For 20 years, Tom has used a closed circuit rebreather (CCR) for diving. He’s trusted his AP Diving unit, and the superb customer service from the company, through the years. 

CCRs are highly technical pieces of kit. They aren’t for everyone. The first page of the CCR manual says “this unit can kill you” if you don’t use it properly and take care of it.

You must be properly trained on this rig. No doubt about it.

You have to be willing to take exceptional care of your gear. Tom is persnickety to a fault and keeps his CCR in impeccable condition, knowing that the unit needs to be properly maintained at all times. A CCR is not like a scuba tank that you can put aside when you’re done with a dive. No matter how tired he is after a dive, Tom always – without fail – spends as much time as necessary to clean & care for his CCR. It’s never failed him.

Tom filming Caribbean reef sharks while using his APDiving CCR.

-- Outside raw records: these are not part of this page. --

(* One-dimensional smoothness of a log-sum-exp: for positive weights w and
   values x bounded by M, the function t |-> ln sum_y w_y exp(t x_y) has
   derivative the tilted mean of x and second derivative its tilted
   variance, which is at most M^2; hence it lies below its tangent at 0 plus
   M^2 t^2 / 2. *)
Section LogSumExpSmooth.
Context {A : Type} (l : list A) (w x : A -> R) (M : R).
Hypothesis l_nonempty : l <> nil.
Hypothesis w_pos : forall a, 0 < w a.
Hypothesis x_bounded : forall a, Rabs (x a) <= M.

Let mass t := lsum l (fun a => w a * exp (t * x a)).
Let mom1 t := lsum l (fun a => w a * x a * exp (t * x a)).
Let mom2 t := lsum l (fun a => w a * x a * x a * exp (t * x a)).

Lemma mass_pos t : 0 < mass t.
Proof.
  apply lsum_pos; auto. intros; apply Rmult_lt_0_compat; auto; apply exp_pos.
Qed.

Lemma mass_derive t : is_derive mass t (mom1 t).
Proof.
  apply (is_derive_lsum l (fun a s => w a * exp (s * x a))
                          (fun a s => w a * x a * exp (s * x a))).
  intros a. auto_derive; auto. ring.
Qed.

Lemma mom1_derive t : is_derive mom1 t (mom2 t).
Proof.
  apply (is_derive_lsum l (fun a s => w a * x a * exp (s * x a))
                          (fun a s => w a * x a * x a * exp (s * x a))).
  intros a. auto_derive; auto. ring.
Qed.

Lemma mom2_le t : mom2 t <= M ^ 2 * mass t.
Proof.
  unfold mom2, mass. rewrite <- lsum_scal. apply lsum_le. intros a.
  assert (x a * x a <= M ^ 2).
  { pose proof (x_bounded a) as Hx. revert Hx.
    unfold Rabs; destruct (Rcase_abs (x a)); intros; nra. }
  assert (0 < w a * exp (t * x a)) by (apply Rmult_lt_0_compat; auto; apply exp_pos).
  nra.
Qed.

(* The tilted mean mom1/mass grows at rate at most M^2 (its derivative is the
   tilted variance). *)
Lemma tilted_mean_growth t : 0 <= t -> mom1 t / mass t <= mom1 0 / mass 0 + M ^ 2 * t.
Proof.
  intros Ht.
  set (dmean := fun s => (mom2 s * mass s - mom1 s * mom1 s) / mass s ^ 2).
  assert (Hd : forall s, is_derive (fun s => mom1 s / mass s - M ^ 2 * s) s (dmean s - M ^ 2)).
  { intros s. apply (is_derive_minus (fun s => mom1 s / mass s) (fun s => M ^ 2 * s)).
    - apply is_derive_div; [apply mom1_derive|apply mass_derive|].
      apply Rgt_not_eq, mass_pos.
    - auto_derive; auto. ring. }
  assert (Hvar : forall s, dmean s <= M ^ 2).
  { intros s. pose proof (mass_pos s). pose proof (mom2_le s).
    unfold dmean. apply Rle_div_l; [nra|].
    assert (mom2 s * mass s <= M ^ 2 * mass s * mass s) by (apply Rmult_le_compat_r; lra).
    nra. }
  pose proof (nonincreasing_from_derive _ _ t Ht Hd) as H.
  assert (mom1 t / mass t - M ^ 2 * t <= mom1 0 / mass 0 - M ^ 2 * 0);
    [apply H; intros; specialize (Hvar s); lra | lra].
Qed.

Lemma log_mass_smooth t : 0 <= t ->
  ln (mass t) <= ln (mass 0) + t * (mom1 0 / mass 0) + M ^ 2 * t ^ 2 / 2.
Proof.
  intros Ht.
  set (gap := fun s => ln (mass s) - s * (mom1 0 / mass 0) - M ^ 2 * s ^ 2 / 2).
  assert (Hd : forall s, is_derive gap s (mom1 s / mass s - mom1 0 / mass 0 - M ^ 2 * s)).
  { intros s. pose proof (mass_pos s).
    apply (is_derive_minus (fun s => ln (mass s) - s * (mom1 0 / mass 0))
                           (fun s => M ^ 2 * s ^ 2 / 2)).
    - apply (is_derive_minus (fun s => ln (mass s)) (fun s => s * (mom1 0 / mass 0))).
      + replace (mom1 s / mass s) with (scal (mom1 s) (/ mass s)) by reflexivity.
        apply (is_derive_comp ln mass); [apply is_derive_ln; auto|apply mass_derive].
      + auto_derive; auto. apply Rmult_1_l.
    - auto_derive; auto. simpl. field. }
  assert (gap t <= gap 0).
  { apply (nonincreasing_from_derive gap _ t Ht Hd).
    intros s Hs. pose proof (tilted_mean_growth s (proj1 Hs)). lra. }
  unfold gap in *. lra.
Qed.

End LogSumExpSmooth.

Section CRF.
Context {Y Z : Type} (ys : list Y) (zs : list Z) (n : nat)
        (psi : Z -> vec) (phi : Y -> vec) (c : R).
Hypothesis ys_full : forall y : Y, In y ys.
Hypothesis ys_nonempty : ys <> nil.

Definition log_partition (v : vec) : R := ln (lsum ys (fun y => exp (inner n v (phi y)))).

Definition moment_gap (v : vec) (q : Y -> R) : vec :=
  fun i => marg ys n phi v i - mu ys phi q i.

Lemma inner_mu u q : inner n u (mu ys phi q) = lsum ys (fun y => q y * inner n u (phi y)).
Proof.
  unfold inner, mu.
  rewrite (lsum_ext _ _ (fun i => lsum ys (fun y => q y * (u i * phi y i)))).
  2:{ intros i. rewrite <- lsum_scal. apply lsum_ext; intros; ring. }
  rewrite lsum_comm. apply lsum_ext; intros y. apply lsum_scal.
Qed.

Lemma inner_marg u v :
  inner n u (marg ys n phi v) =
  lsum ys (fun y => exp (inner n v (phi y)) * inner n u (phi y))
  / lsum ys (fun y => exp (inner n v (phi y))).
Proof.
  change (marg ys n phi v) with (mu ys phi (pv ys n phi v)).
  rewrite inner_mu. unfold Rdiv. rewrite <- lsum_scal_r. apply lsum_ext; intros y.
  unfold pv. rewrite (inner_sym n (phi y) v).
  rewrite (lsum_ext ys (fun y' => exp (inner n (phi y') v))
                       (fun y' => exp (inner n v (phi y')))) by (intros; rewrite inner_sym; auto).
  unfold Rdiv. ring.
Qed.

Lemma ell_affine z q : is_prob ys q -> ell ys n psi phi c z q = inner n (psi z) (mu ys phi q) + c.
Proof.
  intros [_ Hsum]. unfold ell, Lloss.
  rewrite (lsum_ext _ _ (fun y => q y * inner n (psi z) (phi y) + c * q y)) by (intros; ring).
  rewrite lsum_plus, lsum_scal, Hsum, inner_mu. ring.
Qed.

Lemma ssur_log_partition v q : is_prob ys q -> ssur ys n phi v q = log_partition v - inner n v (mu ys phi q).
Proof.
  intros [_ Hsum]. unfold ssur, Ssur, log_partition.
  rewrite (lsum_ext _ _ (fun y => ln (lsum ys (fun y' => exp (inner n v (phi y')))) * q y
                                   - q y * inner n v (phi y))) by (intros; ring).
  rewrite lsum_minus, lsum_scal, Hsum, inner_mu. ring.
Qed.

Lemma Ssur_nonneg v y : 0 <= Ssur ys n phi v y.
Proof.
  unfold Ssur.
  assert (Hterm : exp (inner n v (phi y)) <= lsum ys (fun y' => exp (inner n v (phi y')))).
  { apply (lsum_ge_In ys (fun y' => exp (inner n v (phi y')))); auto.
    intros; left; apply exp_pos. }
  assert (Hln : ln (exp (inner n v (phi y))) <= ln (lsum ys (fun y' => exp (inner n v (phi y'))))).
  { destruct Hterm as [Hlt|Heq]; [left; apply ln_increasing; auto; apply exp_pos|rewrite Heq; lra]. }
  rewrite ln_exp in Hln. lra.
Qed.

(* Comparing with any other point v' bounds the excess surrogate from below;
   the infimum is a true lower bound because the surrogate is nonnegative. *)
Lemma delta_s_ge_decrease v v' q : is_prob ys q ->
  ssur ys n phi v q - ssur ys n phi v' q <= delta_s ys n phi v q.
Proof.
  intros Hq. unfold delta_s.
  enough (Rinf (fun r => exists v'' : vec, r = ssur ys n phi v'' q) <= ssur ys n phi v' q) by lra.
  apply Rinf_le_nonneg; [|exists v'; auto].
  intros r [v'' ->]. apply lsum_nonneg; intros y.
  apply Rmult_le_pos; [apply Hq|apply Ssur_nonneg].
Qed.

Lemma log_partition_descent v (delta : vec) t : 0 <= t ->
  log_partition (fun i => v i - t * delta i) <=
  log_partition v - t * inner n delta (marg ys n phi v)
  + (c_phi ys n phi * norm2 n delta) ^ 2 * t ^ 2 / 2.
Proof.
  intros Ht.
  set (w := fun y => exp (inner n v (phi y))).
  set (x := fun y => - inner n delta (phi y)).
  assert (Hx : forall y, Rabs (x y) <= c_phi ys n phi * norm2 n delta).
  { intros y. unfold x. rewrite Rabs_Ropp, inner_sym. apply inner_lmax_bound; auto. }
  pose proof (log_mass_smooth ys w x _ ys_nonempty (fun y => exp_pos _) Hx t Ht) as H.
  cbv beta in H.
  rewrite (lsum_ext ys (fun y => w y * exp (t * x y))
                       (fun y => exp (inner n (fun i => v i - t * delta i) (phi y)))) in H.
  2:{ intros y. unfold w, x. rewrite inner_sub_l, <- exp_plus. f_equal. ring. }
  rewrite (lsum_ext ys (fun y => w y * exp (0 * x y)) w) in H
    by (intros; rewrite Rmult_0_l, exp_0; ring).
  rewrite (lsum_ext ys (fun y => w y * x y * exp (0 * x y))
                       (fun y => -1 * (w y * inner n delta (phi y)))) in H
    by (intros; rewrite Rmult_0_l, exp_0; unfold x; ring).
  rewrite lsum_scal in H.
  rewrite inner_marg. unfold log_partition. unfold w in H. unfold Rdiv in *. lra.
Qed.

Lemma surrogate_excess_lower v q t : is_prob ys q -> 0 <= t ->
  t * norm2 n (moment_gap v q) ^ 2
  - c_phi ys n phi ^ 2 * norm2 n (moment_gap v q) ^ 2 * t ^ 2 / 2
  <= delta_s ys n phi v q.
Proof.
  intros Hq Ht. set (delta := moment_gap v q).
  eapply Rle_trans; [|apply (delta_s_ge_decrease v (fun i => v i - t * delta i) q Hq)].
  rewrite !ssur_log_partition by auto.
  pose proof (log_partition_descent v delta t Ht) as Hdesc.
  assert (Hgap : norm2 n delta ^ 2
                 = inner n delta (marg ys n phi v) - inner n delta (mu ys phi q))
    by (rewrite norm2_sq, <- inner_sub_r; reflexivity).
  rewrite Rpow_mult_distr in Hdesc.
  rewrite inner_sub_l, Hgap at 1. lra.
Qed.

Lemma loss_excess_upper (d : vec -> Z) v q :
  (forall z : Z, In z zs) -> zs <> nil -> is_decoding ys zs n psi phi d -> is_prob ys q ->
  delta_ell ys zs n psi phi c (d v) q <= 2 * c_psi zs n psi * norm2 n (moment_gap v q).
Proof.
  intros Hzs Hzsne Hd Hq. set (delta := moment_gap v q).
  destruct (lmin_attained zs (fun z' => ell ys n psi phi c z' q) Hzsne) as [z0 [_ Hz0]].
  unfold delta_ell. rewrite Hz0, !ell_affine by auto.
  assert (Hmu : forall u, inner n u (mu ys phi q) = inner n u (marg ys n phi v) - inner n u delta)
    by (intros u; unfold delta, moment_gap; rewrite inner_sub_r; ring).
  rewrite !Hmu.
  pose proof (proj2 (Hd v) z0 (Hzs z0)) as Hmin.
  pose proof (inner_lmax_bound zs n psi delta (d v) (Hzs _)) as Hdv.
  pose proof (inner_lmax_bound zs n psi delta z0 (Hzs _)) as Hz.
  apply Rabs_le_between in Hdv. apply Rabs_le_between in Hz.
  unfold c_psi. lra.
Qed.

End CRF.

(* Step 3: if e <= 2 a N and the excess surrogate dominates the quadratic
   t N^2 - b^2 N^2 t^2 / 2 for every t >= 0, then it dominates
   e^2 / (8 a^2 b^2) (choose t = 1/b^2). *)
Lemma calibration_from_bounds a b N e s :
  0 <= e -> e <= 2 * a * N ->
  (forall t, 0 <= t -> t * N ^ 2 - b ^ 2 * N ^ 2 * t ^ 2 / 2 <= s) ->
  e ^ 2 / (8 * a ^ 2 * b ^ 2) <= s.
Proof.
  intros He HeN Hs.
  assert (Hs0 : 0 <= s) by (specialize (Hs 0 (Rle_refl 0)); lra).
  destruct (Req_dec (8 * a ^ 2 * b ^ 2) 0) as [Hden|Hden].
  { unfold Rdiv. rewrite Hden, Rinv_0, Rmult_0_r. exact Hs0. }
  assert (Hb0 : b <> 0) by (intros ->; apply Hden; ring).
  assert (Ha0 : a <> 0) by (intros ->; apply Hden; ring).
  assert (Hb : 0 < b ^ 2) by (apply pow2_gt_0; exact Hb0).
  assert (Hopt : N ^ 2 / (2 * b ^ 2) <= s).
  { specialize (Hs (/ b ^ 2) (Rlt_le _ _ (Rinv_0_lt_compat _ Hb))).
    replace (/ b ^ 2 * N ^ 2 - b ^ 2 * N ^ 2 * (/ b ^ 2) ^ 2 / 2)
      with (N ^ 2 / (2 * b ^ 2)) in Hs by (field; auto).
    exact Hs. }
  assert (He2 : e ^ 2 <= 4 * a ^ 2 * N ^ 2).
  { replace (4 * a ^ 2 * N ^ 2) with ((2 * a * N) ^ 2) by ring.
    apply pow_incr; lra. }
  eapply Rle_trans; [|exact Hopt].
  replace (N ^ 2 / (2 * b ^ 2)) with (4 * a ^ 2 * N ^ 2 / (8 * a ^ 2 * b ^ 2)) by (field; auto).
  apply Rmult_le_compat_r; [left; apply Rinv_0_lt_compat; nra|exact He2].
Qed.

He trusts APDiving equipment because it has not only the longest track record in the industry but also the safest. Tom uses the Inspiration Evolution CCR, which is compact, light and easy to dive with. 

With the CCR, he can stay underwater longer than when on scuba, dive quietly as no bubbles are released, and stay warmer. He really prefers being on his CCR than a noisy scuba tank!

But, as APDiving clearly states on their website, “All rebreathers require specialist training before you use them. That’s why AP Diving will only sell rebreathers to divers who are trained and qualified with an AP recognised instructor and agency. No matter how experienced or confident you are on open circuit, you’re starting again with a rebreather – and you’re always learning.”

Scuba (or “open circuit) divers know that every time you take a breath from your tank, you exhale as a stream of noisy bubbles. The deeper you go, the more gas (air) you suck from the tank. You’re bubbling away a good part of your air!

With fully closed circuit rebreathers like the AP Inspiration, all of your exhaled gas is retained within the system in a closed loop. It is then filtered, refreshed and recycled back to you to breathe again. Bubbles escape only during ascent and mask clearing.